INPUT FOR THIS TASK START
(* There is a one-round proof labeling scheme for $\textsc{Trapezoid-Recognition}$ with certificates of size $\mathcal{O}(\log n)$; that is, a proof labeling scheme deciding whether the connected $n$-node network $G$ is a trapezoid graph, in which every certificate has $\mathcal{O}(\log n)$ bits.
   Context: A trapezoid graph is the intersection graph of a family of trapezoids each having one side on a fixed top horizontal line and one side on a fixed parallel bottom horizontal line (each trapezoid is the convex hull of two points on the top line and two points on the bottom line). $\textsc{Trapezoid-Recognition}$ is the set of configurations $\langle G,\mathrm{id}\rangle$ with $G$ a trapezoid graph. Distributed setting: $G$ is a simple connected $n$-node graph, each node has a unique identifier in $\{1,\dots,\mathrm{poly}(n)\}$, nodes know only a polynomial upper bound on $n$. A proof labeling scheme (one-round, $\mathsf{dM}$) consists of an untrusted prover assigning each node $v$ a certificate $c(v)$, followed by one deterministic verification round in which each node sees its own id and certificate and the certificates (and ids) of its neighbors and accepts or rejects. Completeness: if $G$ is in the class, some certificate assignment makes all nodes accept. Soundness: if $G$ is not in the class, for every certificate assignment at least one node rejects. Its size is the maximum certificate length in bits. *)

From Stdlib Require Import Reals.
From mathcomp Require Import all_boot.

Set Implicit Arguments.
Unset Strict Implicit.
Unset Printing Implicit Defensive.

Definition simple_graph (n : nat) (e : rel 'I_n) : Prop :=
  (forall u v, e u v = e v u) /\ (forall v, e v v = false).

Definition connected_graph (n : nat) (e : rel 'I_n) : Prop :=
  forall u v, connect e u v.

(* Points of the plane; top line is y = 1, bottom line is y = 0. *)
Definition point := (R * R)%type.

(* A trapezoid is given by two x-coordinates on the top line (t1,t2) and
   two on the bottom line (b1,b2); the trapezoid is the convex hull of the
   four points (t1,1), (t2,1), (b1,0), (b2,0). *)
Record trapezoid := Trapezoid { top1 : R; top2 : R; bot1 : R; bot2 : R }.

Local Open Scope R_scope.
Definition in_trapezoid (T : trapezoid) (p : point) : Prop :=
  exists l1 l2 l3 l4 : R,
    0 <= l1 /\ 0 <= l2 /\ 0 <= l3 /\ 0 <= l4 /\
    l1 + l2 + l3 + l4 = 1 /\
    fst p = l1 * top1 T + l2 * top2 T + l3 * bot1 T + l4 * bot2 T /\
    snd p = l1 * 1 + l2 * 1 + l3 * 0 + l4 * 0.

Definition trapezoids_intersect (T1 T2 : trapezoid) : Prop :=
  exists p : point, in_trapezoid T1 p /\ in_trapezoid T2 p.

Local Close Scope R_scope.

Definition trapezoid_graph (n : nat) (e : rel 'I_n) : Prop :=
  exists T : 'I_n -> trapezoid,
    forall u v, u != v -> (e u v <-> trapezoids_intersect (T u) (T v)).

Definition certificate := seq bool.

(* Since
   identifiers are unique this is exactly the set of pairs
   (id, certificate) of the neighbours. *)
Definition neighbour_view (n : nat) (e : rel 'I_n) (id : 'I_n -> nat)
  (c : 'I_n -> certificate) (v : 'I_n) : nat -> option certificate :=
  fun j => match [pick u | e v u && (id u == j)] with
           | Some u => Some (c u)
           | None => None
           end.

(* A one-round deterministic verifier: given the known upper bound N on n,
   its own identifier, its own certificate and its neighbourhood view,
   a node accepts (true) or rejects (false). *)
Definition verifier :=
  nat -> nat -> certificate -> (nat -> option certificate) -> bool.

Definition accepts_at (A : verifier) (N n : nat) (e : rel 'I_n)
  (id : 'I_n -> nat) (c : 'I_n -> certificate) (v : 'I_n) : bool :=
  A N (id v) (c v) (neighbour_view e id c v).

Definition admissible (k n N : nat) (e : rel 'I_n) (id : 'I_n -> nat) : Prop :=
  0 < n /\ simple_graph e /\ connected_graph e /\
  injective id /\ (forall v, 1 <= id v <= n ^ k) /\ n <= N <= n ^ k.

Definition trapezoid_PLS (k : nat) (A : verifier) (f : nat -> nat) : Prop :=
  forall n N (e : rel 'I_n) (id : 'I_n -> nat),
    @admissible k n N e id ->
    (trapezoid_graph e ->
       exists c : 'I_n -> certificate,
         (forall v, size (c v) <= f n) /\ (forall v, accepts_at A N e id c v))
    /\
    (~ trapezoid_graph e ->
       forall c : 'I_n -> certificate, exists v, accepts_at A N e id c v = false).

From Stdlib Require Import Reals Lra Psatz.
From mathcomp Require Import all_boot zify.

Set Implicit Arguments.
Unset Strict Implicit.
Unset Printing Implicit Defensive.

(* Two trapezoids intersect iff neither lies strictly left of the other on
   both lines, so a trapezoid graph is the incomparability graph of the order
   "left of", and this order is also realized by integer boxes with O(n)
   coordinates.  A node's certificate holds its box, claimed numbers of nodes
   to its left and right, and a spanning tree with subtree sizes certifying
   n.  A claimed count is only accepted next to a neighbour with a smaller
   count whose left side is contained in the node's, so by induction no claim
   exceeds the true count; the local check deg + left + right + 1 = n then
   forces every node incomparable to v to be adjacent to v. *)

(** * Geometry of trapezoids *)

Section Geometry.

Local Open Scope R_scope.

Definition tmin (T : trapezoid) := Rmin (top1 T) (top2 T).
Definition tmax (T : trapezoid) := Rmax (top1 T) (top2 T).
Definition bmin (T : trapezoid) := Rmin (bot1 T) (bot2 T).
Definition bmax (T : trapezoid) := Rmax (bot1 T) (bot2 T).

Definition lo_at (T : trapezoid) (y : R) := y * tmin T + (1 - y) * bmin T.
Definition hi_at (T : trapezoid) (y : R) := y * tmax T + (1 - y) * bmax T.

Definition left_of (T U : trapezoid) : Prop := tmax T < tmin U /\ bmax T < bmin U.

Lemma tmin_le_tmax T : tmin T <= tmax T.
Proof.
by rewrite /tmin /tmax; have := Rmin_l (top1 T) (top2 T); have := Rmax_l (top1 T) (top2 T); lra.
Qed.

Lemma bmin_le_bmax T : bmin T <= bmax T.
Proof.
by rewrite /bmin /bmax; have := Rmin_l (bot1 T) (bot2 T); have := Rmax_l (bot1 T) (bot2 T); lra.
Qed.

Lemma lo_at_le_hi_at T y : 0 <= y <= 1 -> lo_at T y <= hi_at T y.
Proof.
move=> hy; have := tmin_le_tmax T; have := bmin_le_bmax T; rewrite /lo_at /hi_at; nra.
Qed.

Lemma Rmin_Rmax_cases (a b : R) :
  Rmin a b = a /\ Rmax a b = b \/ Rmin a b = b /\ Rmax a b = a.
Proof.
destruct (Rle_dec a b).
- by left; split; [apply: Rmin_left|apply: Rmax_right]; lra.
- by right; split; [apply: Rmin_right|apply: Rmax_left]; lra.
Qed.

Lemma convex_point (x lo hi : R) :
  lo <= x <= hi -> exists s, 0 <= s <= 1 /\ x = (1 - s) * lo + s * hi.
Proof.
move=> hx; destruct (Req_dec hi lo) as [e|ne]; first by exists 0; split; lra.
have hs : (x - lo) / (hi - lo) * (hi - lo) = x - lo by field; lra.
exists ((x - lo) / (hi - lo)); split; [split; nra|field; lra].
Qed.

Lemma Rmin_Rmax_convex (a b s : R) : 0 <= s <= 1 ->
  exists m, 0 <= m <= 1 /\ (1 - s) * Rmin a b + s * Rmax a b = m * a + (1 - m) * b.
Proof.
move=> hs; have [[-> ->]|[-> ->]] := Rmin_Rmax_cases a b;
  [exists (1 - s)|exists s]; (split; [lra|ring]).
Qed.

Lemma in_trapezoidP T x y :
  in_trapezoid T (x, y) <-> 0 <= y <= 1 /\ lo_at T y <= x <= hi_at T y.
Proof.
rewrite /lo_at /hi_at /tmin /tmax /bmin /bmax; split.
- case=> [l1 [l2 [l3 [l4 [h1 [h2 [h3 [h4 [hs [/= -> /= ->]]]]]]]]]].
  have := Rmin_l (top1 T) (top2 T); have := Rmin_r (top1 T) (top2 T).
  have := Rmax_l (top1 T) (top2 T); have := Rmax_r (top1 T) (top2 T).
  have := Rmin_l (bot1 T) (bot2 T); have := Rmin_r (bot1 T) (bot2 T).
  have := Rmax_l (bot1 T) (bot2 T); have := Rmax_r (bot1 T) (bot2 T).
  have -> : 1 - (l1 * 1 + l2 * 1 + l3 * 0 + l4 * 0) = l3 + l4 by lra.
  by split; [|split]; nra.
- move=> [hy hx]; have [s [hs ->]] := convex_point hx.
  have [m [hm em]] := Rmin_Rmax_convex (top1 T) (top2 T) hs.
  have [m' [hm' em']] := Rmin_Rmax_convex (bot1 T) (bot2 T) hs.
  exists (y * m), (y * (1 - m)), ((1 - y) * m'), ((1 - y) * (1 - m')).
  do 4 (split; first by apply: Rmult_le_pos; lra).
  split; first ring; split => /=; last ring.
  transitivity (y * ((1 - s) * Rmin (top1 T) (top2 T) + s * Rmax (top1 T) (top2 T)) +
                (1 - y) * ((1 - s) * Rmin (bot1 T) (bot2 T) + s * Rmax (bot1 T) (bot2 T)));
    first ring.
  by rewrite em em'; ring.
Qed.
INPUT FOR THIS TASK END
INPUT FOR THIS TASK START
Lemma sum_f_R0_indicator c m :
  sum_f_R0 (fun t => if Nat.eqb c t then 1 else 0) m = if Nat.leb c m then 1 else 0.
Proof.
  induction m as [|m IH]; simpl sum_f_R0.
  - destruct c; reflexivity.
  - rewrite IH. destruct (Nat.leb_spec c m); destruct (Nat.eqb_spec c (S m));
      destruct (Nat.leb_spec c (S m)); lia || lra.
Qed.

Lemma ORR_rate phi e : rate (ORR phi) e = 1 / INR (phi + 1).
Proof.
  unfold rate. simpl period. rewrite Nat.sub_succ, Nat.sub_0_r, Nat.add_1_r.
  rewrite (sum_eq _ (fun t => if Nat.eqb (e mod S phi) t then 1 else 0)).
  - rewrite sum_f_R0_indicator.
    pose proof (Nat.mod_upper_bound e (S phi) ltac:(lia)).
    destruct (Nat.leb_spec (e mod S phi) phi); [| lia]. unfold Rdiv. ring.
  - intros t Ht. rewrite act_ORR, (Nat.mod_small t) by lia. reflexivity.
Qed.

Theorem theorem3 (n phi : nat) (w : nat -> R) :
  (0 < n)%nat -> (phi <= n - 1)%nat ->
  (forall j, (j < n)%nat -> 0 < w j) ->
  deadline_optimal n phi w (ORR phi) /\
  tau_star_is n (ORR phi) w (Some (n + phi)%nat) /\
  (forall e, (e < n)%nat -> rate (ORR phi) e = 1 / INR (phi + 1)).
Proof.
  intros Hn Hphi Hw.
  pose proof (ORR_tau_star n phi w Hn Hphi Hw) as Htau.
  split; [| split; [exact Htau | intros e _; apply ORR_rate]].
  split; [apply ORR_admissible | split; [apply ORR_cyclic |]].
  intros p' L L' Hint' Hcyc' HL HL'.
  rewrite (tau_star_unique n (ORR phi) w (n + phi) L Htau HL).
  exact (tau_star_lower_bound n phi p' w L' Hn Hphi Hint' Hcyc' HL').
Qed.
INPUT FOR THIS TASK END
WORK TASK: Copy every line of the data that holds the string "Import".

SOLUTION TO THIS TASK:
From Stdlib Require Import Reals.
From mathcomp Require Import all_boot.
From Stdlib Require Import Reals Lra Psatz.
From mathcomp Require Import all_boot zify.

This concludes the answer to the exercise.